However, there's another side to your question: why is the U.S. like this, and
not other countries?

My initial response would be to turn that around: why don't people in other
countries hold military service to a higher level of respect, especially
considering that some of the reasons given here for respecting the military
(e.g. giving up rights or accepting lower pay) are _more_ applicable in some
other countries? Just because the U.S. is unique in this regard, doesn't mean
we're the ones doing it wrong. There have been others who felt their nations
didn't give their troops enough respect: [http://www.web-
books.com/Classics/Poetry/Anthology/Kipling/T...](http://www.web-
books.com/Classics/Poetry/Anthology/Kipling/Tommy.htm)

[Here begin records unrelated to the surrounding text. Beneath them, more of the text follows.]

Definition M0'_tests : seq (pred (seq D3)) :=
  [:: vals_in [:: [:: 0; 1]; [:: 1; 0]; [:: 2; 2]]; rho2b;
      vals_in [:: [:: 0; 0]; [:: 1; 0]; [:: 2; 1]]; vals_in [:: [:: 0; 1]; [:: 1; 1]; [:: 2; 0]];
      unaryb (fun a => a < 2); unaryb (fun a => a == 0); unaryb (fun a => a == 1);
      unaryb (fun a => a == 2)].

Lemma M0_decided : decided_by (rels M0) M0_tests.
Proof.
case=> [|[|[|[|[|[|i]]]]]] // t _ _.
- exact: mem_seq3P.
- exact: rho2P.
- by apply: unaryP => a; apply: lt2P.
all: by apply: unaryP => a; apply: eqP.
Qed.

Lemma M0'_decided : decided_by (rels M0') M0'_tests.
Proof.
case=> [|[|[|[|[|[|[|[|i]]]]]]]] // t _ _; try exact: mem_seq3P.
- exact: rho2P.
- by apply: unaryP => a; apply: lt2P.
all: by apply: unaryP => a; apply: eqP.
Qed.

Definition cube_point (x p q : D3) : 'I_3 -> D3 := fun i => nth o0 [:: x; p; q] i.

Definition cube_encode (a : D3) : 'I_3 -> D3 :=
  match val a with
  | 0 => cube_point o0 o0 o0
  | 1 => cube_point o1 o2 o2
  | _ => cube_point o2 o0 o2
  end.

Definition cube_decode (u : 'I_3 -> D3) : D3 :=
  let p := u o1 == o2 in let q := u o2 == o2 in
  if u o0 == o2 then o2
  else if (if u o0 == o0 then p && q else p || q) then o1 else o0.
(* Let $E_1$, $E_2$ be para-Hilbert spaces and $A=(X_A,H_A,Y_A)\colon E_1\to E_2$ a morphism. Define $X_A^*:=J_{E_1}^{-1}\,Y_A'\,J_{E_2}$. Then $X_A^*$ is a continuous linear operator from $X_{E_2}$ to $X_{E_1}$ and $g_{E_1}(X_A^*u_2,u_1)=g_{E_2}(u_2,X_Au_1)$ for all $u_1\in X_{E_1}$ and $u_2\in X_{E_2}$.
   Context: A para-Hilbert space $E$ consists of Banach spaces $X_E,Y_E$, a Hilbert space $H_E$ with inner product $\langle\cdot,\cdot\rangle_{H_E}$ and Riesz isomorphism $I_E\colon H_E\to H_E'$, bounded linear injections with dense image $i_E\colon X_E\to H_E$, $j_E\colon H_E\to Y_E$, and an isomorphism of Banach spaces $J_E\colon X_E\to Y_E'$ such that $j_E'\circ J_E=I_E\circ i_E$ ($'$ denotes duals and dual operators). Its pre-Hilbert metric is $g_E(x_1,x_2)=\langle i_Ex_1,i_Ex_2\rangle_{H_E}$ for $x_1,x_2\in X_E$. A morphism $A\colon E_1\to E_2$ is a triple of bounded linear operators $X_A\colon X_{E_1}\to X_{E_2}$, $H_A\colon H_{E_1}\to H_{E_2}$, $Y_A\colon Y_{E_1}\to Y_{E_2}$ with $i_{E_2}X_A=H_Ai_{E_1}$ and $j_{E_2}H_A=Y_Aj_{E_1}$. *)

From HB Require Import structures.
From mathcomp Require Import all_boot all_order all_algebra.
From mathcomp Require Import all_classical all_reals all_analysis.
Set Implicit Arguments. Unset Strict Implicit. Unset Printing Implicit Defensive.
Import Order.TTheory GRing.Theory Num.Theory.
Import numFieldNormedType.Exports.
Local Open Scope classical_set_scope.
Local Open Scope ring_scope.

Definition lin (R : realType) (U V : normedModType R) (f : U -> V) : Prop :=
  forall (a : R) (u v : U), f (a *: u + v) = a *: f u + f v.

Definition linfun (R : realType) (U : normedModType R) (f : U -> R) : Prop :=
  forall (a : R) (u v : U), f (a *: u + v) = a * f u + f v.

Definition functional_bound (R : realType) (U : normedModType R)
  (f : U -> R) (M : R) : Prop := forall u : U, `|f u| <= M * `|u|.

(* X, Y, H are Banach spaces; H carries an inner product inducing its norm,
   so it is a Hilbert space; the Riesz map is I_E h = <h, .>.
   An element of Y' is represented by a continuous linear functional Y -> R.
   J_E : X -> Y' is represented by the pairing (x, y) |-> (J_E x) y, together
   with its inverse Jinv (an isomorphism of Banach spaces has a bounded
   inverse; Jinv is only constrained on Y'). *)
Record paraHilbert (R : realType) (X Y H : completeNormedModType R) := {
  ph_inner : H -> H -> R;
  ph_inner_linl : forall (a : R) (u v w : H),
      ph_inner (a *: u + v) w = a * ph_inner u w + ph_inner v w;
  ph_inner_sym : forall u v : H, ph_inner u v = ph_inner v u;
  ph_inner_norm : forall u : H, ph_inner u u = `|u| ^+ 2;
  ph_i : X -> H;
  ph_i_lin : lin ph_i;
  ph_i_cont : continuous ph_i;
  ph_i_inj : injective ph_i;
  ph_i_dense : closure (range ph_i) = setT;
  ph_j : H -> Y;
  ph_j_lin : lin ph_j;
  ph_j_cont : continuous ph_j;
  ph_j_inj : injective ph_j;
  ph_j_dense : closure (range ph_j) = setT;
  ph_J : X -> Y -> R;
  ph_J_linl : forall (a : R) (x x' : X) (y : Y),
      ph_J (a *: x + x') y = a * ph_J x y + ph_J x' y;
  ph_J_linr : forall x : X, linfun (ph_J x);
  ph_J_bounded : exists C : R, forall (x : X) (y : Y),
      `|ph_J x y| <= C * `|x| * `|y|;
  ph_Jinv : (Y -> R) -> X;
  ph_Jinv_J : forall x : X, ph_Jinv (ph_J x) = x;
  ph_J_Jinv : forall phi : Y -> R, linfun phi ->
      (exists M : R, functional_bound phi M) -> ph_J (ph_Jinv phi) = phi;
  ph_Jinv_bounded : exists C : R, 0 < C /\ forall (phi : Y -> R) (M : R),
      linfun phi -> 0 <= M -> functional_bound phi M ->
      `|ph_Jinv phi| <= C * M;
  (* j_E' o J_E = I_E o i_E *)
  ph_compat : forall (x : X) (h : H), ph_J x (ph_j h) = ph_inner (ph_i x) h
}.

Definition ph_g (R : realType) (X Y H : completeNormedModType R)
  (E : paraHilbert X Y H) (x1 x2 : X) : R :=
  ph_inner E (ph_i E x1) (ph_i E x2).

Record phMorphism (R : realType)
  (X1 Y1 H1 X2 Y2 H2 : completeNormedModType R)
  (E1 : paraHilbert X1 Y1 H1) (E2 : paraHilbert X2 Y2 H2) := {
  mXA : X1 -> X2; mHA : H1 -> H2; mYA : Y1 -> Y2;
  mXA_lin : lin mXA; mHA_lin : lin mHA; mYA_lin : lin mYA;
  mXA_cont : continuous mXA; mHA_cont : continuous mHA;
  mYA_cont : continuous mYA;
  m_comm_i : forall x : X1, ph_i E2 (mXA x) = mHA (ph_i E1 x);
  m_comm_j : forall h : H1, ph_j E2 (mHA h) = mYA (ph_j E1 h)
}.

Definition XAstar (R : realType)
  (X1 Y1 H1 X2 Y2 H2 : completeNormedModType R)
  (E1 : paraHilbert X1 Y1 H1) (E2 : paraHilbert X2 Y2 H2)
  (A : phMorphism E1 E2) (u2 : X2) : X1 :=
  ph_Jinv E1 (fun y1 : Y1 => ph_J E2 u2 (mYA A y1)).

From Pilot Require Import Defs.
From HB Require Import structures.
From mathcomp Require Import all_boot all_order all_algebra.
From mathcomp Require Import all_classical all_reals all_analysis.
Import Order.TTheory GRing.Theory Num.Theory.
Import numFieldNormedType.Exports.
Local Open Scope ring_scope.

(* The functional y1 |-> (J_E2 u2) (Y_A y1) is linear and bounded by a
   multiple of |u2|, so J_E1 (X_A^* u2) is exactly this functional.  Linearity
   of X_A^* then follows from injectivity of J_E1, continuity from the bound on
   J_E1^{-1}, and the adjoint identity from j_E' J_E = I_E i_E used in E1 and
   in E2, linked by i_E2 X_A = H_A i_E1 and j_E2 H_A = Y_A j_E1. *)

Section LinearBounded.
Variables (R : realType) (U V : normedModType R).

Definition linear_of_lin (f : U -> V) (hf : lin f) : {linear U -> V} :=
  HB.pack f (GRing.isLinear.Build R U V *:%R f hf).
Arguments linear_of_lin {f}.

Lemma lin_continuous_bounded (f : U -> V) : lin f -> continuous f ->
  exists K : R, 0 < K /\ forall x, `|f x| <= K * `|x|.
Proof.
move=> hf fc.
have /(linear_boundedP (linear_of_lin hf)) [M [_ HM]] :=
  continuous_linear_bounded 0 (f := linear_of_lin hf) (fc 0).
exists (Num.max M 0 + 1); split; last apply: HM;
  by rewrite ltr_pwDr // le_max lexx ?orbT.
Qed.

Lemma lin_bounded_continuous (f : U -> V) (K : R) : lin f ->
  (forall x, `|f x| <= K * `|x|) -> continuous f.
Proof.
move=> hf HK; apply: (bounded_linear_continuous (f := linear_of_lin hf)).
apply/(linear_boundedP (linear_of_lin hf)).
exists K; split=> [|r Kr x]; first by rewrite num_real.
by apply: (le_trans (HK x)); rewrite ler_wpM2r // ltW.
Qed.

End LinearBounded.
Arguments lin_continuous_bounded {R U V f}.
Arguments lin_bounded_continuous {R U V f K}.

Section ParaHilbert.
Variables (R : realType) (X Y H : completeNormedModType R).
Variable E : paraHilbert X Y H.

Lemma ph_J_inj : injective (ph_J E).
Proof. by move=> x x' eqJ; rewrite -(ph_Jinv_J E x) eqJ ph_Jinv_J. Qed.

Lemma ph_J_bounded_ge0 : exists C : R, 0 <= C /\
  forall (x : X) (y : Y), `|ph_J E x y| <= C * `|x| * `|y|.
Proof.
have [C HC] := ph_J_bounded E.
exists `|C|; split=> // x y; apply: (le_trans (HC x y)).
by rewrite ler_wpM2r // ler_wpM2r // ler_norm.
Qed.

End ParaHilbert.
Arguments ph_J_inj {R X Y H} E.
Arguments ph_J_bounded_ge0 {R X Y H} E.

Section Adjoint.
Variables (R : realType) (X1 Y1 H1 X2 Y2 H2 : completeNormedModType R).
Variables (E1 : paraHilbert X1 Y1 H1) (E2 : paraHilbert X2 Y2 H2).
Variable A : phMorphism E1 E2.

Definition transpose_YA_J (u2 : X2) (y1 : Y1) : R := ph_J E2 u2 (mYA A y1).

Lemma transpose_YA_J_linfun (u2 : X2) : Defs.linfun (transpose_YA_J u2).
Proof. by move=> a u v; rewrite /transpose_YA_J (mYA_lin A) (ph_J_linr E2). Qed.

Lemma transpose_YA_J_bound : exists K : R, 0 <= K /\
  forall u2, functional_bound (transpose_YA_J u2) (K * `|u2|).
Proof.
have [C [C_ge0 HC]] := ph_J_bounded_ge0 E2.
have [K [K_gt0 HK]] := lin_continuous_bounded (mYA_lin A) (mYA_cont (p := A)).
exists (C * K); split=> [|u2 y]; first by rewrite mulr_ge0 // ltW.
apply: (le_trans (HC u2 (mYA A y))).
by rewrite -!mulrA ler_wpM2l // mulrCA ler_wpM2l.
Qed.

Lemma ph_J_XAstar (u2 : X2) : ph_J E1 (XAstar A u2) = transpose_YA_J u2.
Proof.
apply: (ph_J_Jinv E1 (transpose_YA_J_linfun u2)).
have [K [_ HK]] := transpose_YA_J_bound.
by exists (K * `|u2|); apply: HK.
Qed.

Lemma XAstar_lin : lin (XAstar A).
Proof.
move=> a u v; apply: (ph_J_inj E1); apply: funext => y.
by rewrite (ph_J_linl E1) !ph_J_XAstar /transpose_YA_J (ph_J_linl E2).
Qed.

Lemma XAstar_continuous : continuous (XAstar A).
Proof.
have [C [_ HC]] := ph_Jinv_bounded E1.
have [K [K_ge0 HK]] := transpose_YA_J_bound.
apply: (lin_bounded_continuous (K := C * K) XAstar_lin) => u2.
rewrite -mulrA; apply: HC => //; last exact: HK.
- exact: transpose_YA_J_linfun.
- exact: mulr_ge0.
Qed.

Lemma ph_g_XAstar (u1 : X1) (u2 : X2) :
  ph_g E1 (XAstar A u2) u1 = ph_g E2 u2 (mXA A u1).
Proof.
rewrite /ph_g -(ph_compat E1) ph_J_XAstar /transpose_YA_J.
by rewrite -(m_comm_j A) -(m_comm_i A) (ph_compat E2).
Qed.

End Adjoint.

Theorem proposition2p10 (R : realType)
  (X1 Y1 H1 X2 Y2 H2 : completeNormedModType R)
  (E1 : paraHilbert X1 Y1 H1) (E2 : paraHilbert X2 Y2 H2)
  (A : phMorphism E1 E2) :
  lin (XAstar A) /\ continuous (XAstar A) /\
  forall (u1 : X1) (u2 : X2),
    ph_g E1 (XAstar A u2) u1 = ph_g E2 u2 (mXA A u1).
Proof.
split; first exact: XAstar_lin.
split; first exact: XAstar_continuous.
exact: ph_g_XAstar.
Qed.
(* The contribution of the part b following the step D in U a D b: the pair
   (D, first step of b) counts unless b is empty. *)
Definition tail_coef m : {poly rat} :=
  \sum_(b <- words m | motz_from 0 b) 'X^(pair_weight D b + weight b).

Lemma tail_coefE m : tail_coef m = if m == 0%N then 1 else 'X * motz_coef m.
Proof.
case: m => [|m]; first by rewrite /tail_coef /= big_cons big_nil /= addr0 expr0.
rewrite /= motz_coefE mulr_sumr /tail_coef big_seq_cond [RHS]big_seq_cond.
apply: eq_bigr => w /andP []; rewrite mem_words; case: w => [|s w] //= _.
by case: s => //= _; rewrite add1n exprS.
Qed.

(* A nonempty Motzkin word is H b or U a D b; the first step contributes no
   pair weight with U, and the D step contributes through [tail_coef]. *)
Lemma motz_coef_rec n : motz_coef n.+1 =
  tail_coef n +
  (if n is m.+1 then \sum_(i < m.+1) motz_coef i * tail_coef (m - i) else 0).
Proof.
rewrite motz_coefE sum_words_succ /= big_split /= addrC.
congr (_ + _).
  rewrite /tail_coef [RHS]big_mkcond /=; apply: eq_bigr => w _.
  by case: (motz_from 0 w) => //; case: w => [|[] ?].
have from_height1 : \sum_(w <- words n)
    ((if motz_from 1 w then 'X^(pair_weight U w + weight w) else 0) + 0) =
    \sum_(w <- words n | motz_from 1 w) 'X^(weight w) :> {poly rat}.
  rewrite [RHS]big_mkcond; apply: eq_bigr => w _; rewrite addr0.
  by case: w => [|s w].
rewrite from_height1; case: n {from_height1} => [|m].
  by rewrite /= big_cons big_nil.
rewrite sum_from1; apply: eq_bigr => i _.
rewrite motz_coefE /tail_coef big_distrl /=; apply: eq_bigr => a _.
rewrite big_distrr /=; apply: eq_bigr => b _.
by rewrite weight_cat /= exprD.
Qed.

Lemma size_sqrt_seq p n : size (sqrt_seq p n) = n.+1.
Proof. by elim: n => [|n IH] //=; rewrite size_rcons IH. Qed.

Lemma nth_sqrt_seq p n i : (i <= n)%N -> nth 0 (sqrt_seq p n) i = fsqrt p i.
Proof.
elim: n i => [|n IH] i; first by rewrite leqn0 => /eqP ->.
rewrite leq_eqVlt => /orP [/eqP -> //|lt].
by rewrite /= nth_rcons size_sqrt_seq lt IH.
Qed.

Lemma fsqrtS p n : fsqrt p n.+1 = (2%:R^-1)%:P *
  (p n.+1 - \sum_(1 <= i < n.+1) fsqrt p i * fsqrt p (n.+1 - i)%N).
Proof.
rewrite {1}/fsqrt /= nth_rcons size_sqrt_seq ltnn eqxx.
congr (_ * (_ - _)); apply: eq_big_nat => i /andP [i1 i2].
by rewrite !nth_sqrt_seq //; lia.
Qed.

That being said, I think that there are some important differences in U.S.
culture that help to explain the difference. One thing relatively unique about
the U.S. is that, unlike most nations, we do not have an ethnic identity. For
example, Spaniards can feel united in the fact that they are all Spaniards,
the Japanese can feel united in the fact that they are all Japanese, etc.
Certainly there are ethnic sub-groups within most countries, but for the most
part they have a national identity that is rooted in their shared ancestry,
and of a shared history that in almost all cases predates the existing
government by centuries. Since the U.S. lacks that, we have a national
identity rooted in ideals, embodied specifically in the Constitution. There is
certainly a great deal of political disagreement about the specifics of those
ideals (and of the meaning of the Constitution), but the generalities are
largely agreed upon.

So what does this have to do with the regard in which we hold military
service? Well, part of it is an awareness, dating back to our war of
independence, that our Constitutionally guaranteed rights were underwritten by
a lot of individuals who left their homes to fight for those shared ideals
which define us. We literally would never have come to exist as a nation if it
were not for our military services.

We also have an ideal in this country of "Citizen Soldiers." It is not unique
to the U.S. (I believe it originated in ancient Greece, but please correct me
if I'm wrong), but I think that the only nations that currently subscribe
strongly to this idea are the U.S. and Israel. It's the idea that our military
consists primarily of individuals who are not lifelong military professionals:
most of the people in our military serve for only a few years, then go back to
being ordinary Americans. This means that we have a lot of veterans spread
throughout our society, so that almost everyone knows at least one veteran,
raising cultural awareness of military life. Conversely, in a nation where the
military consists primarily of individuals who make a lifelong career of it,
the military tends to be a little less visible to the bulk of the population
because they don't have as many veterans to interact with. There are quite a
few nations with universal conscription (everybody has to serve for a few
years), but with the exception of Israel, I haven't seen this same "citizen
soldier" meme in such nations. I think there are two reasons for this. First,
the time spent is very short (usually 2-3 years, as opposed to the minimum
enlistment in the U.S., which is 4-5 years) and at the end of that time the
choice is "get out, or commit to a life-long career," as opposed to the U.S.
military, which allows a succession of short re-enlistments. The second reason
is most important: in countries with universal conscription, it's just seen as
something everyone has to go through, like high school, and the conscripts are
not fully integrated into the military: they are given minimal combat training
and are used primarily for drudgework, with more thorough combat training
coming only after an individual commits to a professional military career.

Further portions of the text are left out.